What are the 4Cs for Engagement Ring Diamonds?

The Gemological Institute of America (GIA)  created the standard for describing diamonds: Color, Clarity, Cut and Carat Weight.

Known as the “4Cs” these Diamond Quality standards are the universal method for assessing the quality of any diamond.

The Diamond 4Cs mean two things: diamond quality cam be communicated in a universal language and diamond customers now know exactly what they were about to purchase.

If you are looking at buying a diamond for an engagement ring, it is important to understand the basics of the 4Cs and what they mean for your diamond.

Color

Diamond color actually means absence of color. A chemically pure and structurally perfect diamond has no color and is perfectly clear like a drop of pure water. Clear diamonds have a higher value.

The GIA has established D-to-Z diamond color-grading system. It measures the degree of colorlessness by comparing a stone under controlled lighting and precise viewing conditions.

The higher the letter in the alphabet, the better the color (or lack of color) and the more expensive the diamond will be.

Clarity

Clarity of a diamond basically refers to impurities or blemishes in the stone. Imagine a perfect diamond – that is “flawless”. In reality, diamonds have slight “characteristics” internally and externally that will make the diamond less flawless and will affect the clarity of the stone.

To understand diamond clarity, you must first understand the creation process of diamonds. Diamonds are the result of carbon exposed to tremendous heat and pressure. Natural diamonds experience this in the earth’s crust while lab grown diamonds experience this pressure and heat “artificially” through lab processes.

The creation of a diamond results in a variety of characteristics for the diamond. These characteristics located inside the diamond are called ‘inclusions’ and on the outside of the diamond are called ‘blemishes.’

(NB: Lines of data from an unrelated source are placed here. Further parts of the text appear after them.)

(* For every \textsc{Strip Cover} instance $(x,b)$, $\mathrm{RR}(x,b)=\sum_{i=1}^n b_i/r_i\ge\frac{2}{3}\,\mathrm{Opt}_{SC}(x,b)$, where $r_i=\max\{x_i,1-x_i\}$ and $\mathrm{Opt}_{SC}(x,b)$ is the optimal \textsc{Strip Cover} lifetime. That is, \textsc{RoundRobin} is a $\frac{3}{2}$-approximation algorithm for \textsc{Strip Cover}.
   Context: \textsc{Strip Cover}: An instance is a pair $(x,b)$, where $x=(x_1,\ldots,x_n)\in[0,1]^n$ with $x_1\le\cdots\le x_n$ are sensor locations and $b=(b_1,\ldots,b_n)$, $b_i\ge0$ rational, are battery charges. A solution is a vector $\rho(t)=(\rho_1(t),\ldots,\rho_n(t))$ of piecewise constant functions $\rho_i:[0,\infty)\to[0,\infty)$ with finitely many pieces (the radius of sensor $i$ at time $t$), subject to $\int_0^\infty\rho_i(t)\,dt\le b_i$ for every $i$. The interval $[0,1]$ is covered at time $t$ if $[0,1]\subseteq\bigcup_i[x_i-\rho_i(t),x_i+\rho_i(t)]$. The lifetime of a solution is the maximum $T$ such that $[0,1]$ is covered at all $t\in[0,T]$; $\mathrm{Opt}_{SC}(x,b)$ is the maximum lifetime. The \textsc{RoundRobin} solution lets the sensors take turns in order $1,\ldots,n$, sensor $i$ alone using radius $r_i=\max\{x_i,1-x_i\}$ (which covers $[0,1]$) for $b_i/r_i$ time units, giving lifetime $\mathrm{RR}(x,b)=\sum_i b_i/r_i$. *)

From HB Require Import structures.
From mathcomp Require Import all_boot all_order all_algebra.
From mathcomp Require Import all_classical all_reals all_analysis.
Set Implicit Arguments. Unset Strict Implicit. Unset Printing Implicit Defensive.
Import Order.TTheory GRing.Theory Num.Theory.
Local Open Scope classical_set_scope.
Local Open Scope ring_scope.

Section StripCover.
Variable R : realType.

Definition piecewise_constant (f : R -> R) : Prop :=
  (forall t, 0 <= t -> 0 <= f t) /\
  exists s : seq R, forall t u, 0 <= t -> t <= u ->
    (forall p, p \in s -> ~ (t <= p <= u)) -> f t = f u.

Definition energy (f : R -> R) : \bar R :=
  (\int[@lebesgue_measure R]_(t in [set t : R | (0 <= t)%R]) (f t)%:E)%E.

Definition covered n (x : 'I_n -> R) (rho : 'I_n -> R -> R) (t : R) : Prop :=
  forall y : R, 0 <= y <= 1 ->
    exists i : 'I_n, x i - rho i t <= y <= x i + rho i t.

Definition sc_solution n (b : 'I_n -> R) (rho : 'I_n -> R -> R) : Prop :=
  forall i, piecewise_constant (rho i) /\ (energy (rho i) <= (b i)%:E)%E.

Definition lifetime_at_least n (x : 'I_n -> R) (rho : 'I_n -> R -> R) (T : R) :=
  forall t, 0 <= t <= T -> covered x rho t.

Definition RR n (x b : 'I_n -> R) : R :=
  \sum_(i < n) b i / Num.max (x i) (1 - x i).

End StripCover.

From HB Require Import structures.
From mathcomp Require Import all_boot all_order all_algebra.
From mathcomp Require Import all_classical all_reals all_analysis.
From mathcomp Require Import measurable_realfun ring lra.

Set Implicit Arguments.
Unset Strict Implicit.
Unset Printing Implicit Defensive.

Import Order.TTheory GRing.Theory Num.Theory.
Local Open Scope ring_scope.

(* RoundRobin spends b_i / r_i time units per unit of charge of sensor i, so it
   suffices that at every instant t at which [0, 1] is covered the cost
   sum_i rho_i(t) / r_i is at least 2/3; integrating over [0, T] and using that
   sensor i spends at most b_i then gives RR >= 2/3 T.
   The pointwise bound is a potential argument.  The nondecreasing F with
   F(z) = z / (2 - z) on [0, 1/2], F(1 - z) = 2/3 - F(z), satisfies
   F(x + p) - F(x - p) <= p / max(x, 1 - x) for every sensor at x in [0, 1]
   with radius p >= 0.  Summing these increments over intervals covering [0, 1]
   gives at least F(1) - F(0) = 2/3. *)

Lemma ler_pdiv_cross (F : numFieldType) (a b c d : F) :
  0 < b -> 0 < d -> a * d <= c * b -> a / b <= c / d.
Proof. by move=> b_gt0 d_gt0; rewrite ler_pdivrMr // mulrAC ler_pdivlMr. Qed.

Section Potential.
Variable R : realFieldType.
Implicit Types u v x z p : R.

Definition potential z : R :=
  if z <= 0 then 0 else if z <= 1/2 then z / (2 - z)
  else if z <= 1 then 2/3 - (1 - z) / (1 + z) else 2/3.

(* The bounds on the fractions let [lra] compare values on different pieces. *)
Variant potential_spec z : R -> Type :=
  | PotentialNonpos of z <= 0 : potential_spec z 0
  | PotentialLow of 0 < z & z <= 1/2 & 0 <= z / (2 - z) <= 1/3 :
      potential_spec z (z / (2 - z))
  | PotentialHigh of 1/2 < z & z <= 1 & 0 <= (1 - z) / (1 + z) <= 1/3 :
      potential_spec z (2/3 - (1 - z) / (1 + z))
  | PotentialSat of 1 < z : potential_spec z (2/3).

Lemma potentialP z : potential_spec z (potential z).
Proof.
rewrite /potential; case: lerP => [|z_gt0]; first exact: PotentialNonpos.
case: lerP => [z_lehalf|z_gthalf].
  by apply: PotentialLow => //; rewrite divr_ge0 ?ler_pdivrMr /=; lra.
case: lerP => [z_le1|z_gt1]; last exact: PotentialSat.
by apply: PotentialHigh => //; rewrite divr_ge0 ?ler_pdivrMr /=; lra.
Qed.

Lemma potential0 : potential 0 = 0.
Proof. by case: potentialP => //; lra. Qed.

Lemma potential1 : potential 1 = 2/3.
Proof. by case: potentialP; try lra; rewrite subrr mul0r subr0. Qed.

Lemma potential_nondecreasing : {homo potential : u v / u <= v}.
Proof.
move=> u v le_uv; case: potentialP => *; case: potentialP => *; try lra.
- by apply: ler_pdiv_cross; nra.
- by rewrite lerD2l lerN2; apply: ler_pdiv_cross; nra.
Qed.

Lemma potential_sym z : potential (1 - z) = 2/3 - potential z.
Proof.
have e1 : 1 - (1 - z) = z by ring.
have e2 : 1 + (1 - z) = 2 - z by ring.
have e3 : 2 - (1 - z) = 1 + z by ring.
case: potentialP => *; case: potentialP => *; rewrite ?e1 ?e2 ?e3; try lra.
all: try (have -> : z = 1/2 by lra); try (have -> : z = 0 by lra); try (have -> : z = 1 by lra).
all: by field.
Qed.

(* The numerator is an explicit sum of products of the nonnegative
   quantities 1/2 - x, x + p - 1/2, x - p and x - 1/4. *)
Lemma potential_straddle_increment x p :
  0 <= x - p -> 1/2 < x + p -> x <= 1/2 ->
  2/3 - (1 - (x + p)) / (1 + (x + p)) - (x - p) / (2 - (x - p)) <= p / (1 - x).
Proof.
move=> lo_ge0 hi_gthalf x_lehalf.
have -> : 2/3 - (1 - (x + p)) / (1 + (x + p)) - (x - p) / (2 - (x - p)) =
    (2 * (1 + (x + p)) * (2 - (x - p)) - 3 * (1 - (x + p)) * (2 - (x - p))
     - 3 * (x - p) * (1 + (x + p))) / (3 * (1 + (x + p)) * (2 - (x - p))).
  by field; rewrite !subr_eq0; apply/andP; split; apply/eqP; lra.
apply: ler_pdiv_cross; try nra.
rewrite -subr_ge0.
set u := 1/2 - x; set v := p + x - 1/2; set s := x - p; set w := x - 1/4.
have -> : p * (3 * (1 + (x + p)) * (2 - (x - p))) -
    (2 * (1 + (x + p)) * (2 - (x - p)) - 3 * (1 - (x + p)) * (2 - (x - p))
     - 3 * (x - p) * (1 + (x + p))) * (1 - x)
    = 3/2 * u * s + v * w * (3 + 10 * u) + 5 * v ^+ 2 + 3 * v ^+ 3 + u * v ^+ 2.
  by rewrite /u /v /s /w; field.
have [u_ge0 v_ge0 s_ge0 w_ge0] : [/\ 0 <= u, 0 <= v, 0 <= s & 0 <= w].
  by rewrite /u /v /s /w; split; lra.
by rewrite !addr_ge0 ?mulr_ge0 ?exprn_ge0 //; lra.
Qed.

Lemma potential_increment_le_half x p : 0 <= x <= 1/2 -> 0 <= p ->
  potential (x + p) - potential (x - p) <= p / (1 - x).
Proof.
move=> /andP[x_ge0 x_lehalf] p_ge0.
have gap_ge0 : 0 <= p / (1 - x) by apply: divr_ge0; lra.
case: potentialP => *; case: potentialP => *; try lra.
- rewrite subr0; apply: ler_pdiv_cross; try lra.
  have : 0 <= (p - x) * (1 - x - p) by apply: mulr_ge0; lra.
  nra.
- have -> : (x + p) / (2 - (x + p)) - (x - p) / (2 - (x - p)) =
      (4 * p) / ((2 - (x + p)) * (2 - (x - p))).
    by field; rewrite !subr_eq0; apply/andP; split; apply/eqP; lra.
  apply: ler_pdiv_cross; try nra.
  have : 0 <= p * ((x - p) * (x + p)) by apply: mulr_ge0; nra.
  nra.
- have -> : 2/3 - (1 - (x + p)) / (1 + (x + p)) - 0 =
      (5 * (x + p) - 1) / (3 * (1 + (x + p))).
    by field; apply/eqP; lra.
  apply: ler_pdiv_cross; try lra.
  have : 0 <= (4 - 2 * (x + p)) * (p - x) by apply: mulr_ge0; lra.
  nra.
- by apply: potential_straddle_increment; lra.
- by rewrite subr0 ler_pdivlMr; lra.
Qed.

Lemma potential_increment x p : 0 <= x <= 1 -> 0 <= p ->
  potential (x + p) - potential (x - p) <= p / Num.max x (1 - x).
Proof.
move=> /andP[x_ge0 x_le1] p_ge0; case: (lerP x (1/2)) => hx.
  by rewrite max_r; [apply: potential_increment_le_half => //; lra | lra].
rewrite max_l; last lra.
have := @potential_increment_le_half (1 - x) p ltac:(lra) p_ge0.
rewrite (_ : x + p = 1 - (1 - x - p)); last ring.
rewrite (_ : x - p = 1 - (1 - x + p)); last ring.
by rewrite !potential_sym (_ : 1 - (1 - x) = x); [lra | ring].
Qed.

End Potential.

Lemma nondecreasing_increment_le_cover (R : realDomainType) (F : R -> R) n
    (lo hi : 'I_n -> R) (A : {set 'I_n}) (c d : R) :
  {homo F : u v / u <= v} -> (forall i, lo i <= hi i) ->
  (forall y, c < y -> y <= d -> exists2 i, i \in A & lo i < y <= hi i) ->
  F d - F c <= \sum_(i in A) (F (hi i) - F (lo i)).
Proof.
move=> F_homo lo_le_hi.
have sum_ge0 (B : {set 'I_n}) : 0 <= \sum_(i in B) (F (hi i) - F (lo i)).
  by apply: sumr_ge0 => i _; rewrite subr_ge0 F_homo.
elim: {A}#|A| {-2}A (eqxx #|A|) c d => [|m IH] A /eqP cardA c d A_cover.
  case: (lerP d c) => [le_dc|lt_cd]; first by have := F_homo _ _ le_dc; have := sum_ge0 A; lra.
  have [k kA _] := A_cover d lt_cd (lexx d).
  by move: cardA; rewrite (cardsD1 k A) kA.
case: (lerP d c) => [le_dc|lt_cd]; first by have := F_homo _ _ le_dc; have := sum_ge0 A; lra.
have [k kA /andP[lo_lt_d d_le_hi]] := A_cover d lt_cd (lexx d).
rewrite (big_setD1 k kA) /=.
have := F_homo _ _ d_le_hi.
case: (lerP (lo k) c) => [le_lo_c|lt_c_lo].
  by have := F_homo _ _ le_lo_c; have := sum_ge0 (A :\ k); lra.
suff : F (lo k) - F c <= \sum_(i in A :\ k) (F (hi i) - F (lo i)) by lra.
apply: IH; first by move: cardA; rewrite (cardsD1 k A) kA add1n => -[->].
move=> y c_lt_y y_le_lo.
have [i iA /andP[lo_lt_y y_le_hi]] := A_cover y c_lt_y (le_trans y_le_lo (ltW lo_lt_d)).
exists i; last by rewrite lo_lt_y.
by rewrite in_setD1 iA andbT; apply: contraTneq lo_lt_y => ->; rewrite -leNgt.
Qed.

Lemma max_subr_ge_half (R : realFieldType) (x : R) : 1/2 <= Num.max x (1 - x).
Proof. by case: (lerP x (1/2)) => hx; [rewrite max_r | rewrite max_l]; lra. Qed.

Lemma cover_cost_ge (R : realFieldType) n (x rho : 'I_n -> R) :
  (forall i, 0 <= x i <= 1) -> (forall i, 0 <= rho i) ->
  (forall y, 0 <= y <= 1 -> exists i, x i - rho i <= y <= x i + rho i) ->
  2/3 <= \sum_(i < n) rho i / Num.max (x i) (1 - x i).
Proof.
move=> x01 rho_ge0 covers.
set r := fun i => Num.max (x i) (1 - x i).
have r_gt0 i : 0 < r i by have := max_subr_ge_half (x i); rewrite /r; lra.
set W := \sum_(i < n) (r i)^-1.
have W_ge0 : 0 <= W by apply: sumr_ge0 => i _; rewrite invr_ge0 ltW.
(* Widening every interval by e on the left turns the closed cover into a cover
   by half-open intervals; e tends to 0 at the end. *)
have slack e : 0 < e -> 2/3 <= \sum_(i < n) rho i / r i + e * W.
  move=> e_gt0.
  have := @nondecreasing_increment_le_cover R (@potential R) n
    (fun i => x i - (rho i + e)) (fun i => x i + rho i) [set: 'I_n] 0 1
    (@potential_nondecreasing R).
  rewrite potential0 potential1 subr0 => increment.
  apply: le_trans (increment _ _) _.
  - by move=> i; have := rho_ge0 i; lra.
  - move=> y y_gt0 y_le1.
    have [i /andP[lo_le_y y_le_hi]] : exists i, x i - rho i <= y <= x i + rho i.
      by apply: covers; rewrite y_le1 ltW.
    by exists i; rewrite ?inE // y_le_hi andbT; lra.
  under eq_bigl do rewrite inE.
  rewrite /W mulr_sumr -big_split /=; apply: ler_sum => i _.
  have := potential_increment (x01 i) (addr_ge0 (rho_ge0 i) (ltW e_gt0)).
  have := @potential_nondecreasing R (x i + rho i) (x i + (rho i + e)).
  by rewrite -/(r i) mulrDl [e * _]mulrC; lra.
apply/ler_addgt0Pr => d d_gt0.
apply: le_trans (slack (d / (W + 1)) _) _; first by rewrite divr_gt0 //; lra.
by rewrite lerD2l mulrAC ler_pdivrMr; nra.
Qed.

Local Open Scope classical_set_scope.

Section Measurability.
Variable R : realType.

Lemma seq_separated (t : R) (s : seq R) : t \notin s ->
  exists2 e : R, 0 < e & forall p, p \in s -> e <= `|p - t|.
Proof.
elim: s => [|a s IH]; first by exists 1.
rewrite in_cons negb_or => /andP[t_neq_a /IH[e e_gt0 e_le]].
exists (Num.min e `|a - t|); first by rewrite lt_min e_gt0 normr_gt0 subr_eq0 eq_sym.
by move=> p; rewrite in_cons ge_min => /predU1P[->|/e_le ->]; rewrite ?lexx ?orbT.
Qed.

Lemma piecewise_constant_measurable (f : R -> R) :
  piecewise_constant f -> measurable_fun [set t : R | 0 <= t] f.
Proof.
move=> [_ [s f_const]] _ B mB.
set E := [set t : R | 0 <= t] `&` f @^-1` B.
set S := [set` 0 :: s].
rewrite -(setUIDK E S); apply: measurableU.
  apply: countable_measurable; first exact: measurable_set1.
  exact/finite_set_countable/(sub_finite_set (@subIsetr _ E S))/finite_seq.
apply: open_measurable; rewrite openE => t [[/= t_ge0 Bft] /negP t_notin].
have [e e_gt0 e_le] := seq_separated t_notin.
apply/nbhs_ballP; exists e => //= y; rewrite /ball /= distrC => lt_yt_e.
have far p : p \in 0 :: s -> `|y - t| < `|p - t| by move=> /e_le; lra.
have y_ge0 : 0 <= y.
  rewrite leNgt; apply/negP => y_lt0; have := far 0 (mem_head _ _).
  by rewrite sub0r normrN (ger0_norm t_ge0) ltr0_norm; lra.
have far_s p : p \in s -> `|y - t| < `|p - t|.
  by move=> ps; apply: far; rewrite in_cons ps orbT.
have fyt : f y = f t.
  case: (lerP t y) => [le_ty|lt_yt].
    symmetry; apply: f_const => // p /far_s + /andP[le_p p_le].
    by rewrite !ger0_norm ?subr_ge0 // ltrD2r ltNge p_le.
  apply: f_const => //; first exact: ltW.
  move=> p /far_s + /andP[le_p p_le].
  by rewrite !ler0_norm ?subr_le0 ?(ltW lt_yt) // ltrN2 ltrD2r ltNge le_p.
split; last by move=> ys; have := far y ys; lra.
by split=> //; rewrite /preimage /= fyt.
Qed.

Evaluating diamond clarity involves determining the number, size, relief, nature, and position of these internal and external characteristics. These characteristics will affect the overall appearance of the stone.

If you are trying to determine what is the best clarity for a diamond, remember that no diamond is perfectly pure. Use the guide above as a reference for what the letters mean terms of the clarity of your stone.

If you want to know all of the specifications for rating a diamond’s clarity here they are via GIA:

  • Flawless (FL) No inclusions and no blemishes visible under 10x magnification
  • Internally Flawless (IF) No inclusions visible under 10x magnification
  • Very, Very Slightly Included (VVS1 and VVS2) Inclusions so slight they are difficult for a skilled grader to see under 10x magnification
  • Very Slightly Included (VS1 and VS2) Inclusions are observed with effort under 10x magnification, but can be characterized as minor
  • Slightly Included (SI1 and SI2) Inclusions are noticeable under 10x magnification
  • Included (I1I2, and I3) Inclusions are obvious under 10x magnification which may affect transparency and brilliance

Cut

You can think of a diamond’s cut as shape (round, heart, oval, marquise, pear).

But what the official diamond cut actually refers to is how well a diamond’s facets interact with light. Diamonds are renowned for their ability to transmit light and sparkle intensely.

Precise artistry and workmanship are required to fashion a stone so its proportions, symmetry and polish deliver the magnificent return of light only possible in a diamond.

Achieving the best cut for a diamond reflects in the stone’s final beauty and value. And of all the 4Cs, cut is the most complicated to analyze.

When buying a diamond engagement ring, you should be more concerned if the cut is something that your future fiance is interested in. It is more important to focus on the other 3Cs to evaluate the cost of a diamond.

Carat

Carat is a measure of a diamond’s weight.

A metric “carat” is defined as 200 milligrams and each carat is subdivided into 100 ‘points. This means that diamonds are evaluated on a scale to the hundredths decimal point (i.e. 1.08 carats).

Carat is commonly referred to as a diamond’s size because weight and size are perfectly correlated. However, two diamonds of equal carat weight can have very different prices depending on other 3Cs.